Within the records, which lines hold the string "elim"? Report each one by copying it.
Start of Extracted entries
(* Assume the seeds are i.i.d. uniform on $[n]$. Let $[\eta_{\min},\eta_{\max}]\subset(0,\tfrac12)$ be a fixed compact interval. Let $(m_k)_{k\in\mathbb N}$ be positive integers with $m_k\to\infty$, let $(n_k)$ be an arbitrary sequence of even integers $n_k\ge6$, and let $(l_k)$ be integers with $2\le l_k\le n_k/2-1$ and $l_k/n_k\in[\eta_{\min},\eta_{\max}]$ for all $k$. Then $\lim_{k\to\infty}p_1(n_k,m_k,l_k)=1$.
   Context: Candidates $[n]$, $m$ voters; voter $j$ has the clockwise oriented preference list $(s_j,s_j+1,\dots,n,1,\dots,s_j-1)$ with seed $s_j$; seeds independent uniform on $[n]$. In an election among a non-empty $S\subseteq[n]$ each voter votes for the first candidate of $S$ in its list; $\Xi_S(i)$ is the number of votes for $i$. Two-round election with partition $(A,B)$: the winner of $A$ is the $a\in A$ with $\Xi_A(a)>\Xi_A(a')$ for all other $a'\in A$ (if none, nobody wins); likewise for $B$; between first-round winners $a,b$, $a$ wins iff $\Xi_{\{a,b\}}(a)>\Xi_{\{a,b\}}(b)$ (ties: nobody wins). $A^{(1,n,l)}=\{1,\dots,l\}\cup\{l+2i:1\le i\le(n-2l)/2\}$, $B^{(1,n,l)}=[n]\setminus A^{(1,n,l)}$, and $p_1(n,m,l)$ is the probability that candidate 1 wins with partition $(A^{(1,n,l)},B^{(1,n,l)})$. *)

From HB Require Import structures.
From mathcomp Require Import all_boot all_order all_algebra.
From mathcomp Require Import all_classical all_reals all_analysis.
Set Implicit Arguments. Unset Strict Implicit. Unset Printing Implicit Defensive.
Import Order.TTheory GRing.Theory Num.Theory.

(* Candidates are the naturals 1..n. A set of candidates is a bool predicate
   on nat (only its trace on 1..n matters). *)

Definition pref (n s : nat) : seq nat :=
  [seq ((s.-1 + j) %% n).+1 | j <- iota 0 n].

(* The candidate of S a voter with seed s votes for: the first candidate of
   S in its list (0 if S contains no candidate, which never happens for
   non-empty S). *)
Definition vote (n : nat) (S : pred nat) (s : nat) : nat :=
  head 0 [seq c <- pref n s | S c].

(* Seeds of the m voters: seed of voter j is (sd j).+1 in 1..n. *)
Definition seeds (n m : nat) := {ffun 'I_m -> 'I_n}.

Definition Xi (n m : nat) (sd : seeds n m) (S : pred nat) (i : nat) : nat :=
  #|[pred j : 'I_m | vote n S (sd j).+1 == i]|.

Definition wins (n m : nat) (sd : seeds n m) (S : pred nat) (a : nat) : bool :=
  (1 <= a <= n) && S a &&
  all (fun a' => (a' == a) || ~~ S a' || (Xi sd S a' < Xi sd S a)) (iota 1 n).

Definition pair2 (a b : nat) : pred nat := fun c => (c == a) || (c == b).

Definition two_round_wins (n m : nat) (sd : seeds n m) (A B : pred nat)
  (c : nat) : bool :=
  (wins sd A c &&
     has (fun b => wins sd B b &&
        (Xi sd (pair2 c b) b < Xi sd (pair2 c b) c)) (iota 1 n))
  || (wins sd B c &&
     has (fun a => wins sd A a &&
        (Xi sd (pair2 a c) a < Xi sd (pair2 a c) c)) (iota 1 n)).

Definition Apart (n l : nat) : pred nat :=
  fun c => (1 <= c <= l) || has (fun i => c == l + 2 * i) (iota 1 ((n - 2 * l)./2)).
Definition Bpart (n l : nat) : pred nat :=
  fun c => (1 <= c <= n) && ~~ Apart n l c.

(* p_1(n,m,l): seeds i.i.d. uniform on [n], i.e. the uniform distribution on
   seeds n m (n^m equally likely outcomes). *)
Definition p1 (R : realType) (n m l : nat) : R :=
  (#|[pred sd : seeds n m | two_round_wins sd (Apart n l) (Bpart n l) 1]|%:R
     / (n ^ m)%:R)%R.

From HB Require Import structures.
From mathcomp Require Import all_boot all_order all_algebra.
From mathcomp Require Import all_classical all_reals all_analysis.
From mathcomp Require Import zify ring lra.
Import Order.TTheory GRing.Theory Num.Theory.
Import numFieldNormedType.Exports.

(* In the first round candidate 1 collects in A the l+1 seeds n-l+1, ..., n, 1,
   and l+1 collects in B the l+1 seeds 1, ..., l+1; every other candidate of
   either part follows another candidate of its part at distance at most 2, so
   it collects at most 2 seeds.  In the final, 1 collects the n-l > n/2 seeds
   l+2, ..., n, 1 against l+1.  A vote count is a sum of m independent
   indicators with mean m (#seeds)/n, and the gaps above are at least
   eta_min m/2 and (1/2 - eta_max) m, i.e. linear in m.  By Chebyshev a count
   misses its mean by that much with probability O(#seeds/(m n)); the seed sets
   of one election are disjoint, so a union bound over all counts still gives
   failure probability O(1/m). *)

Lemma card_has_le {T : finType} (s : seq (pred T)) :
  #|[pred x | has (fun A : pred T => A x) s]| <= \sum_(A <- s) #|A|.
Proof.
elim: s => [|A s IHs]; first by rewrite big_nil leqn0; apply/eqP/eq_card0.
rewrite big_cons; apply: leq_trans (leq_add (leqnn #|A|) IHs).
rewrite -cardUI; apply: leq_trans _ (leq_addr _ _); apply: subset_leq_card.
by apply/fintype.subsetP => x; rewrite !inE.
Qed.

Lemma sum_card_fiber_le {T : finType} {U : eqType} (f : T -> U) (s : seq U) :
  uniq s -> \sum_(a <- s) #|[pred x | f x == a]| <= #|T|.
Proof.
move=> uniq_s; rewrite -sum1_card.
under eq_bigr do rewrite -sum1_card big_mkcond /=.
rewrite exchange_big /=; apply: leq_sum => x _.
rewrite -big_mkcond (eq_bigl (pred1 (f x))) => [|a]; last by rewrite inE eq_sym.
by rewrite sum1_count count_uniq_mem //; case: (_ \in _).
Qed.

Section Chebyshev.
Local Open Scope ring_scope.
Variables (R : realFieldType) (I J : finType).

Definition hits (f : {ffun I -> J}) (t : pred J) : nat := #|[pred i | t (f i)]|.

Definition deviation (f : {ffun I -> J}) (t : pred J) : R :=
  `|(hits f t)%:R - #|I|%:R * (#|t|%:R / #|J|%:R)|.

Lemma sumr_indicator {T : finType} (P : pred T) : \sum_(x : T) (P x : nat)%:R = #|P|%:R :> R.
Proof.
rewrite -sum1_card natr_sum [RHS]big_mkcond; apply: eq_bigr => x _.
by rewrite unfold_in; case: (P x).
Qed.

Lemma sum_ffun_mul (g : J -> R) (i i' : I) :
  \sum_(f : {ffun I -> J}) g (f i) * g (f i') =
  \prod_k \sum_x ((if k == i then g x else 1) * (if k == i' then g x else 1)).
Proof.
rewrite bigA_distr_bigA; apply: eq_bigr => f _.
by rewrite big_split -!big_mkcond !big_pred1_eq.
Qed.

(* The second moment of a sum of independent uniform samples of a centred [g]. *)
Lemma sum_ffun_sqr (g : J -> R) : \sum_x g x = 0 ->
  \sum_(f : {ffun I -> J}) (\sum_i g (f i)) ^+ 2 =
  #|I|%:R * #|J|%:R ^+ #|I|.-1 * \sum_x g x ^+ 2.
Proof.
move=> centred.
have cross i i' : \sum_(f : {ffun I -> J}) g (f i) * g (f i') =
    (i' == i)%:R * (#|J|%:R ^+ #|I|.-1 * \sum_x g x ^+ 2).
  rewrite sum_ffun_mul (bigD1 i) //=; have [->|ne_ii'] := eqVneq i' i.
    rewrite eqxx mul1r mulrC; congr (_ * _).
    rewrite (eq_bigr (fun _ => #|J|%:R)) ?prodr_const ?cardC1 // => k /negbTE->.
    by rewrite sumr_const mulr1.
  rewrite eqxx; under eq_bigr do rewrite mulr1.
  by rewrite centred !mul0r.
rewrite (eq_bigr (fun f : {ffun I -> J} => \sum_i \sum_i' g (f i) * g (f i'))); last first.
  by move=> f _; rewrite expr2 mulr_suml; under eq_bigr do rewrite mulr_sumr.
rewrite exchange_big; under eq_bigr do rewrite exchange_big /=.
under eq_bigr do under eq_bigr do rewrite cross.
under eq_bigr do rewrite -mulr_suml (sumr_indicator (pred1 _ : pred I)) card1 mul1r.
by rewrite sumr_const -[RHS]mulrA mulr_natl.
Qed.

Lemma card_deviation_ge (t : pred J) (d : R) : (0 < #|J|)%N -> 0 < d ->
  #|[pred f : {ffun I -> J} | d <= deviation f t]|%:R <=
  #|I|%:R * #|J|%:R ^+ #|I|.-1 / d ^+ 2 * #|t|%:R.
Proof.
move=> J_gt0 d_gt0; rewrite mulrAC ler_pdivlMr ?exprn_gt0 //.
pose p : R := #|t|%:R / #|J|%:R.
have Jp : #|J|%:R * p = #|t|%:R by rewrite mulrC divfK ?pnatr_eq0 -?lt0n.
have p_ge0 : 0 <= p by rewrite divr_ge0.
pose g x : R := (t x : nat)%:R - p.
have centred : \sum_x g x = 0.
  by rewrite sumrB sumr_indicator sumr_const -[p *+ _]mulr_natl Jp subrr.
have sum_g (f : {ffun I -> J}) : \sum_i g (f i) = (hits f t)%:R - #|I|%:R * p.
  by rewrite sumrB (sumr_indicator [pred i | t (f i)]) sumr_const -[p *+ _]mulr_natl.
have var_g : \sum_x g x ^+ 2 <= #|t|%:R.
  have -> : \sum_x g x ^+ 2 = \sum_x ((t x : nat)%:R * (1 - 2 * p) + p ^+ 2).
    by apply: eq_bigr => x _; rewrite /g; case: (t x) => /=; ring.
  rewrite big_split /= -mulr_suml sumr_indicator sumr_const -[p ^+ 2 *+ _]mulr_natl.
  have -> : #|J|%:R * p ^+ 2 = #|t|%:R * p by rewrite expr2 mulrA Jp.
  have : 0 <= #|t|%:R :> R by []; nra.
apply: (@le_trans _ _ (#|I|%:R * #|J|%:R ^+ #|I|.-1 * \sum_x g x ^+ 2)); last first.
  by rewrite ler_wpM2l ?mulr_ge0 ?exprn_ge0.
rewrite -sum_ffun_sqr // -sumr_indicator mulr_suml; apply: ler_sum => f _.
rewrite sum_g /=; case: (boolP (d <= _)) => [dev_ge|_]; last by rewrite mul0r sqr_ge0.
by rewrite mul1r -[X in _ <= X]real_normK ?num_real // lerXn2r ?nnegrE ?(ltW d_gt0).
Qed.
End Chebyshev.

Arguments hits {I J}.
Arguments deviation {R I J}.

Definition pref_at (n x j : nat) : nat := ((x + j) %% n).+1.

Lemma head_filter (T : Type) (x0 : T) (p : pred T) (s : seq T) :
  head x0 [seq y <- s | p y] = nth x0 s (find p s).
Proof. by elim: s => //= y s IH; case: (p y). Qed.

Lemma vote_pref_at n x (S : pred nat) :
  vote n S x.+1 =
  nth 0 [seq pref_at n x j | j <- iota 0 n] (find (S \o pref_at n x) (iota 0 n)).
Proof. by rewrite /vote /pref head_filter find_map. Qed.

Lemma vote_first n x j0 (S : pred nat) : j0 < n -> S (pref_at n x j0) ->
  (forall j, j < j0 -> ~~ S (pref_at n x j)) -> vote n S x.+1 = pref_at n x j0.
Proof.
move=> lt_j0n Sj0 before; rewrite vote_pref_at.
have -> : find (S \o pref_at n x) (iota 0 n) = j0.
  have -> : iota 0 n = iota 0 j0 ++ iota j0 (n - j0) by rewrite -iotaD subnKC // ltnW.
  rewrite find_cat size_iota.
  have -> : has (S \o pref_at n x) (iota 0 j0) = false.
    by apply/negbTE/hasPn => j; rewrite mem_iota => /andP[_ /before].
  by rewrite -(subnSK lt_j0n) /= Sj0 addn0.
by rewrite (nth_map 0) ?size_iota // nth_iota.
Qed.

Lemma vote_firstP n x a (S : pred nat) : vote n S x.+1 = a -> a != 0 ->
  exists2 j0, j0 < n /\ a = pref_at n x j0 &
    S (pref_at n x j0) /\ forall j, j < j0 -> ~~ S (pref_at n x j).
Proof.
rewrite vote_pref_at; set j0 := find _ _ => <- nz_a.
have lt_j0n : j0 < n.
  rewrite ltnNge; apply: contra nz_a => le_nj0.
  by rewrite nth_default // size_map size_iota.
have hasS : has (S \o pref_at n x) (iota 0 n) by rewrite has_find size_iota.
exists j0; first by rewrite (nth_map 0) ?size_iota // nth_iota.
split; first by have := nth_find 0 hasS; rewrite nth_iota.
move=> j lt_jj0; have := before_find 0 lt_jj0.
by rewrite nth_iota ?add0n //= => [->|]; last exact: ltn_trans lt_j0n.
Qed.

Lemma pref_atE n x j : x < n -> j < n ->
  pref_at n x j = if x + j < n then x + j + 1 else x + j - n + 1.
Proof.
move=> lt_xn lt_jn; rewrite /pref_at; case: ltnP => h.
  by rewrite modn_small // addn1.
rewrite -(subnK h) modnDr modn_small ?addn1 //; lia.
Qed.

Lemma pref_at_pred n x j a : x < n -> 0 < j < n -> pref_at n x j = a -> 2 <= a ->
  pref_at n x j.-1 = a.-1.
Proof. move=> lt_xn /andP[? ?]; rewrite !pref_atE //; try lia; by do 2!case: ifP; lia. Qed.

Lemma vote_next n x c (S : pred nat) : x < c <= n -> S c ->
  (forall c', x < c' < c -> ~~ S c') -> vote n S x.+1 = c.
Proof.
move=> x_c Sc between; have lt_xn : x < n by lia.
have Ec : pref_at n x (c.-1 - x) = c by rewrite pref_atE; [case: ifP|..]; lia.
rewrite -[RHS]Ec; apply: vote_first; rewrite ?Ec //; first lia.
by move=> j lt_j; rewrite pref_atE; [case: ifP => ?; [apply: between|]|..]; lia.
Qed.

Lemma vote_wrap n x (S : pred nat) : 0 < x < n -> S 1 ->
  (forall c', x < c' <= n -> ~~ S c') -> vote n S x.+1 = 1.
Proof.
move=> x_n S1 after.
have E1 : pref_at n x (n - x) = 1 by rewrite pref_atE; [case: ifP|..]; lia.
rewrite -[RHS]E1; apply: vote_first; rewrite ?E1 //; first lia.
by move=> j lt_j; rewrite pref_atE; [case: ifP => ?; [apply: after|]|..]; lia.
Qed.
(* Let $A$ be a ribbon Littlewood–Richardson tableau of shape $\alpha=(\alpha_1,\dots,\alpha_m)$, and let $i\in\{1,\dots,m-1\}$ with $\alpha_i>\alpha_{i+1}$. Let $A_{(i\ i+1)}$ be the ribbon tableau of shape $\alpha_{(i\ i+1)}$ obtained from $A$ by applying the $R$-matrix algorithm to rows $i$ and $i+1$ (all other rows unchanged). Then $A_{(i\ i+1)}$ is a Yamanouchi tableau.
   Context: Ribbons: a composition $\alpha=(\alpha_1,\dots,\alpha_m)$ (each $\alpha_i\ge 2$) determines the ribbon skew shape with $m$ rows whose $i$-th row from the top has $\alpha_i$ boxes, where the leftmost box of row $i$ lies directly above the rightmost box of row $i+1$ and no other columns are shared. For $\pi\in S_m$, $\alpha_\pi=(\alpha_{\pi^{-1}(1)},\dots,\alpha_{\pi^{-1}(m)})$; so $\alpha_{(i\ i+1)}$ is $\alpha$ with the $i$-th and $(i+1)$-st entries swapped. A ribbon tableau is a filling of the boxes with positive integers. It is semistandard if entries weakly increase left to right along rows and strictly increase down columns (for a ribbon: each row is weakly increasing, and the rightmost entry of row $i+1$ is strictly greater than the leftmost entry of row $i$). The reverse reading word (RRW) reads each row right to left, rows taken top to bottom. A word is Yamanouchi if every prefix contains at least as many $k$'s as $(k+1)$'s for every $k\ge1$; a tableau is Yamanouchi if its RRW is. A Littlewood–Richardson (LR) tableau is one that is both semistandard and Yamanouchi; its content is $\mu=(\mu_1,\mu_2,\dots)$ with $\mu_k$ the number of entries equal to $k$. $R$-matrix algorithm on rows $i,i+1$ with $\alpha_i>\alpha_{i+1}$: form a left multiset $L$ = entries of row $i$ and a right multiset $R$ = entries of row $i+1$. Process each element $b$ of $R$ (in any order; the result is independent of the order): match $b$ to a not-yet-matched element of $L$ that is strictly less than $b$ and as large as possible among such; if no unmatched element of $L$ is less than $b$, match $b$ to a largest unmatched element of $L$. After all of $R$ is processed, exactly $\alpha_{i+1}$ elements of $L$ are matched and $\alpha_i-\alpha_{i+1}$ are unmatched. The new row $i$ consists of the matched elements of $L$ in weakly increasing order (length $\alpha_{i+1}$), and the new row $i+1$ consists of all elements of $R$ together with the unmatched elements of $L$ in weakly increasing order (length $\alpha_i$). Example: rows $1,3,3,4,7$ over $1,3,5$ become $1,4,7$ over $1,3,3,3,5$. This preserves the total content of the two rows and weak increase within each row. *)

From mathcomp Require Import all_boot.
Set Implicit Arguments. Unset Strict Implicit. Unset Printing Implicit Defensive.

(* A ribbon tableau is a list of rows, top row first; row i (0-indexed)
   is the list of its entries read left to right.  Its shape (composition)
   is [seq size r | r <- T]. *)
Definition tableau := seq (seq nat).

Definition shape (T : tableau) : seq nat := [seq size r | r <- T].

Definition ribbon_shape (T : tableau) : bool := all (fun r => 2 <= size r) T.

Definition positive_entries (T : tableau) : bool := all (all (fun x => 0 < x)) T.

Definition ribbon_semistandard (T : tableau) : Prop :=
  (forall r, r \in T -> sorted leq r) /\
  (forall i, i.+1 < size T ->
     head 0 (nth [::] T i) < last 0 (nth [::] T i.+1)).

Definition rrw (T : tableau) : seq nat := flatten [seq rev r | r <- T].

Definition yamanouchi (w : seq nat) : Prop :=
  forall n k, 0 < k -> count_mem k.+1 (take n w) <= count_mem k (take n w).

Definition yamanouchi_tableau (T : tableau) : Prop := yamanouchi (rrw T).

Definition LR_ribbon_tableau (T : tableau) : Prop :=
  [/\ ribbon_shape T, positive_entries T, ribbon_semistandard T
    & yamanouchi_tableau T].

Definition rpick (L : seq nat) (b : nat) : nat :=
  let c := [seq x <- L | x < b] in
  if c is [::] then foldr maxn 0 L else foldr maxn 0 c.

Fixpoint rmatch (L R : seq nat) : seq nat * seq nat :=
  match R with
  | [::] => ([::], L)
  | b :: R' => let m := rpick L b in
               let p := rmatch (rem m L) R' in (m :: p.1, p.2)
  end.

Definition rmatrix_rows (top bot : seq nat) : seq nat * seq nat :=
  let p := rmatch top bot in
  (sort leq p.1, sort leq (bot ++ p.2)).

Definition rmatrix_swap (T : tableau) (i : nat) : tableau :=
  let p := rmatrix_rows (nth [::] T i) (nth [::] T i.+1) in
  take i T ++ [:: p.1; p.2] ++ drop i.+2 T.

From mathcomp Require Import all_boot zify.

(* In the reverse reading word rows i and i+1 form two consecutive weakly
   decreasing blocks, before and after the R-matrix step.  Inside such a
   block the ballot condition for (k, k+1) is hardest just before the first
   k, so it amounts to comparing all k+1's of the block with the k's read
   before it.  The new top row is a sub-multiset of the old one, which
   handles the first block.  For the second block, the matching pairs each
   k+1 of the old bottom row with a k of the old top row as long as an
   unmatched k remains: either these k+1's are compensated by k's of the
   new top row, or no k moves down, and both cases reduce to the ballot
   counts of the original word.  Past both rows the content is unchanged. *)

Lemma foldr_maxn_mem (s : seq nat) : s != [::] -> foldr maxn 0 s \in s.
Proof.
elim: s => [|y s IH] // _; case: (eqVneq s [::]) => [-> | /IH sm].
  by rewrite /= maxn0 mem_head.
(* [leqP] also rewrites [maxn y _] to the corresponding argument. *)
by rewrite /= in_cons; case: leqP => _; rewrite ?sm ?orbT ?eqxx.
Qed.

Lemma rpick_mem L b : L != [::] -> rpick L b \in L.
Proof.
rewrite /rpick; case E: [seq x <- L | x < b] => [|y c] L0; first exact: foldr_maxn_mem.
by have := @foldr_maxn_mem (y :: c) isT; rewrite -E mem_filter => /andP[].
Qed.

Lemma rpick_pred L k : k \in L -> rpick L k.+1 = k.
Proof.
move=> kL; have kLk : k \in [seq x <- L | x < k.+1] by rewrite mem_filter ltnSn.
rewrite /rpick; case E: [seq x <- L | x < k.+1] => [|y c]; first by rewrite E in kLk.
rewrite -E foldrE; apply/eqP; rewrite eqn_leq (leq_bigmax_seq (F := id)) // andbT.
by apply/bigmax_leqP_seq => x; rewrite mem_filter ltnS => /andP[].
Qed.

Lemma mem_rmatch_unmatched L R x : x \in (rmatch L R).2 -> x \in L.
Proof. by elim: R L => [|b R IH] L //= /IH /mem_rem. Qed.

Lemma perm_rmatch L R : size R <= size L ->
  perm_eq ((rmatch L R).1 ++ (rmatch L R).2) L.
Proof.
elim: R L => [|b R IH] L //= RL.
have L0 : L != [::] by case: L RL.
have bL := @rpick_mem L b L0.
have RL' : size R <= size (rem (rpick L b) L) by rewrite size_rem //; case: (size L) RL.
by rewrite -cat_cons perm_sym (perm_trans (perm_to_rem bL)) // perm_cons perm_sym IH.
Qed.

(* Each k.+1 of R is matched with a k of L while an unmatched k is left. *)
Lemma rmatch_succ_compensated L R k :
  count_mem k.+1 R <= count_mem k (rmatch L R).1 \/ k \notin (rmatch L R).2.
Proof.
elim: R L => [|b R IH] L /=; first by left.
case: (IH (rem (rpick L b) L)) => [le_R|]; last by right.
case: (eqVneq b k.+1) le_R => [-> | _] le_R.
  have [Lk | Lk] := boolP (k \in L); last first.
    by right; apply: contra Lk => /mem_rmatch_unmatched /mem_rem.
  by left; rewrite rpick_pred // in le_R *; rewrite eqxx leq_add2l.
by left; rewrite add0n (leq_trans le_R) ?leq_addl.
Qed.

Definition ballot k (w : seq nat) := count_mem k.+1 w <= count_mem k w.

Lemma sorted_geq_split (D : seq nat) k : sorted geq D ->
  exists D1 D2, [/\ D = D1 ++ D2, k \notin D1 & k.+1 \notin D2].
Proof.
elim: D => [_|x D IH xD]; first by exists [::], [::].
have /allP Dx := order_path_min (rev_trans leq_trans) xD.
case: (leqP x k) => [xk | kx].
  exists [::], (x :: D); split=> //; apply/negP; rewrite in_cons.
  by case/orP => [/eqP | /Dx /=]; lia.
have [D1 [D2 [-> kD1 kD2]]] := IH (path_sorted xD).
by exists (x :: D1), D2; split=> //; rewrite in_cons (ltn_eqF kx).
Qed.

Lemma ballot_cat_take P D k j :
  count_mem k.+1 P + count_mem k.+1 D <= count_mem k P -> ballot k (P ++ take j D).
Proof.
have := leq_count_subseq (pred1 k.+1) (take_subseq D j).
by rewrite /ballot !count_cat; lia.
Qed.

Lemma yamanouchi_cat_sorted_geq {P D T : seq nat} {k : nat} :
  yamanouchi (P ++ D ++ T) -> 0 < k -> sorted geq D ->
  count_mem k.+1 P + count_mem k.+1 D <= count_mem k P.
Proof.
move=> yPDT k0 /(@sorted_geq_split D k) [D1 [D2 [eD kD1 kD2]]].
have := yPDT (size (P ++ D1)) k k0.
rewrite eD -catA catA take_size_cat // !count_cat.
by rewrite (count_memPn kD1) (count_memPn kD2); lia.
Qed.

Lemma yamanouchi_perm_block P Q Q' S :
  perm_eq Q Q' -> yamanouchi (P ++ Q' ++ S) ->
  (forall j k, 0 < k -> ballot k (P ++ take j Q)) -> yamanouchi (P ++ Q ++ S).
Proof.
move=> QQ' yQ' ballotQ n k k0; have := yQ' n k k0.
rewrite !take_cat -(perm_size QQ'); case: ltnP => // _.
case: ltnP => [_ _ | _]; first exact: ballotQ.
by rewrite !count_cat !(permP QQ').
Qed.

Lemma yamanouchi_rmatrix_rows P S L R :
  sorted leq L -> sorted leq R -> size R <= size L ->
  yamanouchi (P ++ rev L ++ rev R ++ S) ->
  yamanouchi (P ++ rev (rmatrix_rows L R).1 ++ rev (rmatrix_rows L R).2 ++ S).
Proof.
rewrite /rmatrix_rows /= => sL sR RL yLR.
have pLR := @perm_rmatch L R RL.
set M := (rmatch L R).1 in pLR *; set U := (rmatch L R).2 in pLR *.
have cL x : count_mem x M + count_mem x U = count_mem x L.
  by rewrite -count_cat (permP pLR).
rewrite [rev _ ++ _ ++ S]catA.
apply: (@yamanouchi_perm_block P _ (rev L ++ rev R)); last first.
- move=> j k k0.
  have sL' : sorted geq (rev L) by rewrite rev_sorted.
  have sR' : sorted geq (rev R) by rewrite rev_sorted.
  have bal_L := yamanouchi_cat_sorted_geq yLR k0 sL'.
  have yLR' : yamanouchi ((P ++ rev L) ++ rev R ++ S) by rewrite -catA.
  have bal_R := yamanouchi_cat_sorted_geq yLR' k0 sR'.
  rewrite !count_cat !count_rev in bal_L bal_R; have := cL k; have := cL k.+1.
  rewrite take_cat; case: ifP => _ cnt_succ cnt.
    by apply: ballot_cat_take; rewrite count_rev count_sort; lia.
  rewrite catA; apply: ballot_cat_take.
  rewrite !count_cat !count_rev !count_sort count_cat.
  by have := rmatch_succ_compensated L R k; rewrite -/M -/U => -[|/count_memPn]; lia.
- by rewrite -catA.
- rewrite -!rev_cat perm_rev perm_sym perm_rev perm_sym.
  apply: perm_trans (perm_cat (permEl (perm_sort leq _)) (permEl (perm_sort leq _))) _.
  by rewrite -catA perm_cat2l perm_catC.
Qed.

Lemma rrw_cat (s t : tableau) : rrw (s ++ t) = rrw s ++ rrw t.
Proof. by rewrite /rrw map_cat flatten_cat. Qed.

Lemma rrw_split_rows (T : tableau) i : i.+1 < size T ->
  rrw T = rrw (take i T) ++ rev (nth [::] T i) ++ rev (nth [::] T i.+1)
          ++ rrw (drop i.+2 T).
Proof.
move=> iT; rewrite -{1}(cat_take_drop i T) rrw_cat.
by rewrite (drop_nth [::] (ltnW iT)) (drop_nth [::] iT).
Qed.

Theorem lemma3p1 (A : tableau) (i : nat) :
  LR_ribbon_tableau A ->
  i.+1 < size A ->
  size (nth [::] A i.+1) < size (nth [::] A i) ->
  yamanouchi_tableau (rmatrix_swap A i).
Proof.
move=> [_ _ [sA _] yA] iA RL.
have sorted_row j : j < size A -> sorted leq (nth [::] A j) by move=> jA; apply/sA/mem_nth.
rewrite /yamanouchi_tableau /rmatrix_swap rrw_cat.
apply: yamanouchi_rmatrix_rows; [exact/sorted_row/ltnW | exact: sorted_row | exact: ltnW |].
by rewrite -rrw_split_rows.
Qed.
End of Extracted entries
▶ [Solution to this exercise]:
elim: s => [|A s IHs]; first by rewrite big_nil leqn0; apply/eqP/eq_card0.
Proof. by elim: s => //= y s IH; case: (p y). Qed.
elim: s => [|y s IH] // _; case: (eqVneq s [::]) => [-> | /IH sm].
Proof. by elim: R L => [|b R IH] L //= /IH /mem_rem. Qed.
elim: R L => [|b R IH] L //= RL.
elim: R L => [|b R IH] L /=; first by left.
elim: D => [_|x D IH xD]; first by exists [::], [::].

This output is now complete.